__ASSIGNMENT__. From the records, pick out and copy each line containing "andP".
Top of GIVEN RECORDS
Fixpoint walk_from_root (m : nat) (v : 'I_n.+1) : bool :=
  if m is m'.+1 then [exists u, walk_from_root m' u && adj G u v] else v == ord0.

Lemma walk_from_root_cat q x m : path (adj G) x q ->
  walk_from_root m x -> walk_from_root (m + size q) (last x q).
Proof.
elim: q x m => [|y q IH] x m /=; first by rewrite addn0.
case/andP => xy q_path walk_x; rewrite addnS -addSn; apply: IH => //=.
by apply/existsP; exists x; rewrite walk_x.
Qed.

Lemma walk_from_root_exists v : exists m, walk_from_root m v.
Proof.
case/connectP: (G_connect ord0 v) => q q_path ->.
by exists (0 + size q); apply: walk_from_root_cat.
Qed.

Definition depth (v : 'I_n.+1) : nat := ex_minn (walk_from_root_exists v).

Lemma depth_walk v : walk_from_root (depth v) v.
Proof. by rewrite /depth; case: ex_minnP. Qed.

Lemma depth_min v m : walk_from_root m v -> depth v <= m.
Proof. by rewrite /depth; case: ex_minnP => k _ k_min /k_min. Qed.

Lemma depth_root : depth ord0 = 0.
Proof. by apply/eqP; rewrite -leqn0; apply: depth_min. Qed.

Lemma depth_eq0 v : depth v = 0 -> v = ord0.
Proof. by move=> dv0; have := depth_walk v; rewrite dv0 => /eqP. Qed.

Lemma depth_gt0 v : v != ord0 -> 0 < depth v.
Proof. by move=> v_neq0; rewrite lt0n; apply: contra v_neq0 => /eqP /depth_eq0 ->. Qed.

Lemma depth_adj_le u v : adj G u v -> depth v <= (depth u).+1.
Proof. by move=> uv; apply: depth_min => /=; apply/existsP; exists u; rewrite depth_walk. Qed.

Lemma depth_pred v m : depth v = m.+1 -> exists u, adj G u v /\ depth u = m.
Proof.
move=> dv; have := depth_walk v; rewrite dv /= => /existsP[u /andP[walk_u uv]].
exists u; split=> //; apply/eqP; rewrite eqn_leq depth_min //=.
by have := depth_adj_le uv; rewrite dv ltnS.
Qed.

Definition local_min (v : 'I_n.+1) : bool := [forall w, adj G v w ==> (v < w)].

Lemma local_minP v : reflect (forall w, adj G v w -> v < w) (local_min v).
Proof.
apply: (iffP forallP) => vmin w; last exact/implyP/vmin.
by move=> vw; move: (vmin w); rewrite vw.
Qed.

Lemma local_maxP v : ~~ local_min v -> forall w, adj G v w -> w < v.
Proof. by case: G_itree => _ /(_ v) [/local_minP ->|]. Qed.

Lemma local_min_adj u v : adj G u v -> local_min v = ~~ local_min u.
Proof.
move=> uv; have vu := G_sym uv.
case: (boolP (local_min u)) => [/local_minP/(_ v uv) lt_uv|/local_maxP/(_ v uv) lt_vu] /=.
  by apply/negbTE/negP => /local_minP/(_ u vu); lia.
by apply: contraT => /local_maxP/(_ u vu); lia.
Qed.

Lemma local_min_root : local_min ord0.
Proof.
apply/local_minP => w; rewrite lt0n; apply: contraTneq => w_eq0.
have -> : w = ord0 by apply: val_inj.
exact: G_irr.
Qed.

Lemma local_min_walk m v : walk_from_root m v -> local_min v = ~~ odd m.
Proof.
elim: m v => [v /eqP -> | m IH v /existsP[u /andP[walk_u uv]]].
  exact: local_min_root.
by rewrite (local_min_adj uv) (IH u walk_u) negbK.
Qed.

Lemma local_min_depth v : local_min v = ~~ odd (depth v).
Proof. exact/local_min_walk/depth_walk. Qed.

Lemma depth_adj u v : adj G u v -> depth v = (depth u).+1 \/ depth u = (depth v).+1.
Proof.
move=> uv; have := depth_adj_le uv; have := depth_adj_le (G_sym uv).
have : depth u != depth v.
  by apply/eqP => eq_d; have := local_min_adj uv; rewrite !local_min_depth eq_d; case: odd.
lia.
Qed.

Lemma same_depth_path m x y : x != y -> depth x = m -> depth y = m ->
  exists q, [/\ path (adj G) x q, last x q = y, uniq (x :: q) &
             {in q, forall z, depth z <= m}].
Proof.
elim: m x y => [|m IH] x y x_neq_y dx dy.
  by move: x_neq_y; rewrite (depth_eq0 dx) (depth_eq0 dy) eqxx.
have [px [px_x dpx]] := depth_pred dx; have [py [py_y dpy]] := depth_pred dy.
have x_notin z : depth z <= m -> (x == z) = false.
  by move=> dz; apply: contraTF dz => /eqP <-; rewrite dx ltnn.
have y_notin z : depth z <= m -> (y == z) = false.
  by move=> dz; apply: contraTF dz => /eqP <-; rewrite dy ltnn.
case: (eqVneq px py) => [eq_p|px_neq_py].
  exists [:: px; y]; split=> //=; first by rewrite G_sym //= eq_p py_y.
    by rewrite !inE x_notin ?dpx // (negbTE x_neq_y) eq_sym y_notin ?dpx.
  by move=> z; rewrite !inE => /orP[] /eqP ->; rewrite ?dpx ?dy.
have [q [q_path q_last q_uniq q_depth]] := IH px py px_neq_py dpx dpy.
exists (px :: rcons q y); split=> /=.
- by rewrite G_sym //= rcons_path q_path q_last.
- by rewrite last_rcons.
- move: q_uniq => /= /andP[px_notin_q q_uniq].
  have x_notin_q : x \notin q by apply/negP => /q_depth; rewrite dx ltnn.
  have y_notin_q : y \notin q by apply/negP => /q_depth; rewrite dy ltnn.
  rewrite !inE !mem_rcons !inE rcons_uniq q_uniq (negbTE x_notin_q) (negbTE y_notin_q).
  by rewrite (negbTE px_notin_q) x_notin ?dpx // (negbTE x_neq_y) (eq_sym px y) y_notin ?dpx.
- move=> z; rewrite inE mem_rcons inE.
  by case/or3P=> [/eqP ->|/eqP ->|/q_depth /leqW //]; rewrite ?dpx ?dy.
Qed.

Lemma depth_adj_lt u v : adj G u v -> depth u < depth v -> depth v = (depth u).+1.
Proof. by move=> uv; case: (depth_adj uv) => ->; lia. Qed.

(* Two lower neighbours of v, joined by a path through lower levels, would
   close a cycle through v. *)
Lemma lower_nbr_unique v u1 u2 : adj G u1 v -> adj G u2 v ->
  depth u1 < depth v -> depth u2 < depth v -> u1 = u2.
Proof.
move=> u1v u2v /(depth_adj_lt u1v) dv1 /(depth_adj_lt u2v) dv2.
apply/eqP; apply: contraT => u1_neq_u2.
have d12 : depth u2 = depth u1 by apply: succn_inj; rewrite -dv1 -dv2.
have [q [q_path q_last q_uniq q_depth]] := same_depth_path u1_neq_u2 erefl d12.
have v_notin : v \notin u1 :: q.
  rewrite inE negb_or; apply/andP; split.
    by apply/eqP => eq_v; move: dv1; rewrite eq_v; lia.
  by apply/negP => /q_depth; rewrite dv1 ltnn.
have := G_acyclic (c := v :: u1 :: q); rewrite cons_uniq v_notin q_uniq => /(_ isT).
case: q q_path q_last {q_uniq q_depth v_notin} => [/= _ eq_u|z q q_path q_last].
  by rewrite eq_u eqxx in u1_neq_u2.
move=> /(_ isT) /negP no_cycle; exfalso; apply: no_cycle; rewrite /= G_sym //=.
move: q_path q_last => /= /andP[-> z_path] z_last.
by rewrite rcons_path z_path z_last.
Qed.

Definition tree_parent (v : 'I_n.+1) : 'I_n.+1 :=
  odflt ord0 [pick u | adj G u v && (depth u < depth v)].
Bottom of GIVEN RECORDS
__REPLY__.
case/andP => xy q_path walk_x; rewrite addnS -addSn; apply: IH => //=.
move=> dv; have := depth_walk v; rewrite dv /= => /existsP[u /andP[walk_u uv]].
elim: m v => [v /eqP -> | m IH v /existsP[u /andP[walk_u uv]]].
- move: q_uniq => /= /andP[px_notin_q q_uniq].
  rewrite inE negb_or; apply/andP; split.
move: q_path q_last => /= /andP[-> z_path] z_last.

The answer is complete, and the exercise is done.